Thank you & best regards,
Tung



^ permalink raw reply	[flat|nested] 6+ messages in thread

* Re: MCTP/PLDM BMC-host communication design
  2022-01-17 16:33 MCTP/PLDM BMC-host communication design Tung Nguyen OS
@ 2022-01-19 22:51 ` Andrew Jeffery
  2022-01-20  0:53 ` Jeremy Kerr
  1 sibling, 0 replies; 6+ messages in thread
From: Andrew Jeffery @ 2022-01-19 22:51 UTC (permalink / raw)
  To: Tung Nguyen OS, openbmc, Jeremy Kerr, Matt Johnston
  Cc: Thu Nguyen OS, Thang Q . Nguyen



On Tue, 18 Jan 2022, at 03:03, Tung Nguyen OS wrote:
> Dear community,
> [Switched the email in PlainText format]
>
> We are using community PLDM/MCTP code to design our MCTP/PLDM stack via 
> SMBUS on aarch64 system. Basically, we have 2 CPU sockets corresponding 
> with 2 SMBUS addresses, and the MCTP/PLDM stack looks like this image:
> https://github.com/tungnguyen-ampere/images/blob/7dba355b4742d0ffab9cd39303bbb6e9c8a6f646/current_design.png
>
> Due to the not supported of discovery process, we are fixing the EIDs 
> for host.

This is true if you're using the libmctp userspace solution.

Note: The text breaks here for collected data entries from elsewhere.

(* J(theta) = E_x[l(x;theta)] (real valued; integrability is assumed) *)
Definition Jfun (R : realType) (D P : nat) (lam : {measure set (borelRV R D) -> \bar R})
  (p : 'rV[R]_D -> R) (s : 'rV[R]_D -> 'rV[R]_P -> 'rV[R]_D) (th : 'rV[R]_P) : R :=
  fine (Ex lam p (fun x => ell s x th)).

Definition Jhat (R : realType) (D P : nat) (d : measure_display) (Omega : measurableType d)
  (s : 'rV[R]_D -> 'rV[R]_P -> 'rV[R]_D) (Xs : nat -> Omega -> 'rV[R]_D)
  (N : nat) (th : 'rV[R]_P) (w : Omega) : R :=
  N%:R^-1 * \sum_(i < N) ell s (Xs i w) th.

Definition Lscore (R : realType) (D P : nat) (lam : {measure set (borelRV R D) -> \bar R})
  (p : 'rV[R]_D -> R) (s : 'rV[R]_D -> 'rV[R]_P -> 'rV[R]_D) (th : 'rV[R]_P) : \bar R :=
  Ex lam p (fun x => 2^-1 * norm2 (s x th - grad (fun y => ln (p y)) x) ^+ 2).

Definition DeltaN (R : realType) (D P : nat) (lam : {measure set (borelRV R D) -> \bar R})
  (p : 'rV[R]_D -> R) (d : measure_display) (Omega : measurableType d)
  (s : 'rV[R]_D -> 'rV[R]_P -> 'rV[R]_D) (Xs : nat -> Omega -> 'rV[R]_D)
  (thstar : 'rV[R]_P) (N : nat) (th : 'rV[R]_P) (w : Omega) : R :=
  (Jhat s Xs N th w - Jfun lam p s th) - (Jhat s Xs N thstar w - Jfun lam p s thstar).

Definition supJ (R : realType) (D P : nat) (lam : {measure set (borelRV R D) -> \bar R})
  (p : 'rV[R]_D -> R) (d : measure_display) (Omega : measurableType d)
  (s : 'rV[R]_D -> 'rV[R]_P -> 'rV[R]_D) (Xs : nat -> Omega -> 'rV[R]_D)
  (Theta : set 'rV[R]_P) (N : nat) (w : Omega) : \bar R :=
  ereal_sup [set (`|Jhat s Xs N th w - Jfun lam p s th|)%:E | th in Theta].

Definition supDelta (R : realType) (D P : nat) (lam : {measure set (borelRV R D) -> \bar R})
  (p : 'rV[R]_D -> R) (d : measure_display) (Omega : measurableType d)
  (s : 'rV[R]_D -> 'rV[R]_P -> 'rV[R]_D) (Xs : nat -> Omega -> 'rV[R]_D)
  (Theta : set 'rV[R]_P) (thstar : 'rV[R]_P) (N : nat) (delta : R) (w : Omega) : \bar R :=
  ereal_sup [set (`|DeltaN lam p s Xs thstar N th w|)%:E
            | th in [set th | Theta th /\ norm2 (th - thstar) <= delta]].

Definition mutually_independent (R : realType) (D : nat) (d : measure_display)
  (Omega : measurableType d) (Pr : probability Omega R) (Xs : nat -> Omega -> 'rV[R]_D)
  : Prop :=
  forall (I : seq nat) (A : nat -> set (borelRV R D)), uniq I ->
    (forall i, measurable (A i)) ->
    Pr (\bigcap_(i in [set i | i \in I]) (Xs i @^-1` A i)) =
    (\prod_(i <- I) Pr (Xs i @^-1` A i))%E.

From HB Require Import structures.
From mathcomp Require Import all_boot all_order all_algebra.
From mathcomp Require Import all_classical all_reals all_analysis measurable_realfun.
From mathcomp Require Import ring lra.
Import Order.TTheory GRing.Theory Num.Theory.
Import numFieldNormedType.Exports.
Local Open Scope classical_set_scope.
Local Open Scope ring_scope.

(** Since θ̂ minimizes Ĵ, the excess risk J(θ̂) − J(θ* ) is at most |Δ_N(θ̂)|.
    If ‖θ̂ − θ*‖ ≥ η, the quadratic-growth condition (Q) then forces
    sup_Θ |Ĵ − J| ≥ λη²/2, an event of probability at most ε/2 by Markov once
    N ≥ N'.  Otherwise (Q) gives λ‖θ̂ − θ*‖² ≤ sup_{‖θ − θ*‖ ≤ δ} |Δ_N| for every
    δ ≥ ‖θ̂ − θ*‖; peeling the distance into the dyadic shells (2^j u, 2^(j+1) u]
    with u = 8 C_θ √P / (ελ√N) and applying Markov on each shell bounds the
    probability that ‖θ̂ − θ*‖ > u by Σ_j ε 2^-(j+2) ≤ ε/2. *)

Section probability_bounds.
Context {d : measure_display} {T : measurableType d} {R : realType} (Pr : probability T R).
Local Open Scope ereal_scope.

Lemma measurable_superlevel (f : T -> \bar R) (a : \bar R) :
  measurable_fun setT f -> measurable [set x | a <= f x].
Proof.
by move=> mf; rewrite -[X in measurable X]setTI; exact: emeasurable_fun_c_infty.
Qed.

Lemma markov_superlevel {f : T -> \bar R} (a : R) {c : R} :
  measurable_fun setT f -> (forall x, 0 <= f x) -> (0 < a)%R ->
  \int[Pr]_(x in setT) f x <= c%:E ->
  Pr [set x | a%:E <= f x] <= (c / a)%:E.
Proof.
move=> mf f0 a0 fc.
have := le_integral_comp_abse Pr measurableT (@measurable_id _ _ setT)
  (fun r h => h) (fun x y _ _ h => h) mf a0.
rewrite setTI /=.
under eq_set do rewrite gee0_abs//.
under eq_integral do rewrite gee0_abs//.
move=> /le_trans /(_ fc).
rewrite -(fineK (fin_num_measure _ _ (measurable_superlevel f a%:E mf))).
by rewrite -EFinM !lee_fin ler_pdivlMr // mulrC.
Qed.

Lemma probability_setC_ge (A : set T) (e : R) :
  measurable A -> Pr A <= e%:E -> (1 - e)%:E <= Pr (~` A).
Proof.
move=> mA; rewrite probability_setC // -(fineK (fin_num_measure _ _ mA)).
by rewrite -EFinB !lee_fin => ?; lra.
Qed.

End probability_bounds.

Lemma sum_inv_pow2_le2 (R : realFieldType) n : \sum_(k < n) ((2 : R) ^+ k)^-1 <= 2.
Proof.
suff -> : \sum_(k < n) ((2 : R) ^+ k)^-1 = 2 - 2 / 2 ^+ n.
  by rewrite gerBl divr_ge0 ?exprn_ge0.
elim: n => [|n IH]; first by rewrite big_ord0 expr0 divr1 subrr.
rewrite big_ord_recr /= IH exprS invfM.
have : (2 : R) ^+ n != 0 by rewrite expf_neq0 // pnatr_eq0.
by move=> ?; field.
Qed.

Lemma exists_pow2_ge {R : archiRealFieldType} (x u : R) :
  0 < u -> exists n : nat, x <= 2 ^+ n * u.
Proof.
move=> u0; have [x_le0|x_gt0] := lerP x 0.
  by exists 0%N; rewrite (le_trans x_le0) // mulr_ge0 ?exprn_ge0 ?ltW.
pose n := Num.Def.archi_bound (x / u).
have xu_lt : x / u < n%:R by apply: archi_boundP; rewrite divr_ge0 ?ltW.
have n_le : (n%:R : R) <= 2 ^+ n by rewrite -natrX ler_nat ltnW // ltn_expl.
by exists n; rewrite -ler_pdivrMr //; exact: ltW (lt_le_trans xu_lt n_le).
Qed.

This isn't true if you're using the in-kernel MCTP stack with the associated utilities from Code Construct:

https://codeconstruct.com.au/docs/mctp-on-linux-introduction/

Specifically, mctpd can handle discovery and network setup for you.

The kernel solution is the future of MCTP in OpenBMC, so if this isn't part of your plan then I'd encourage you to consider it.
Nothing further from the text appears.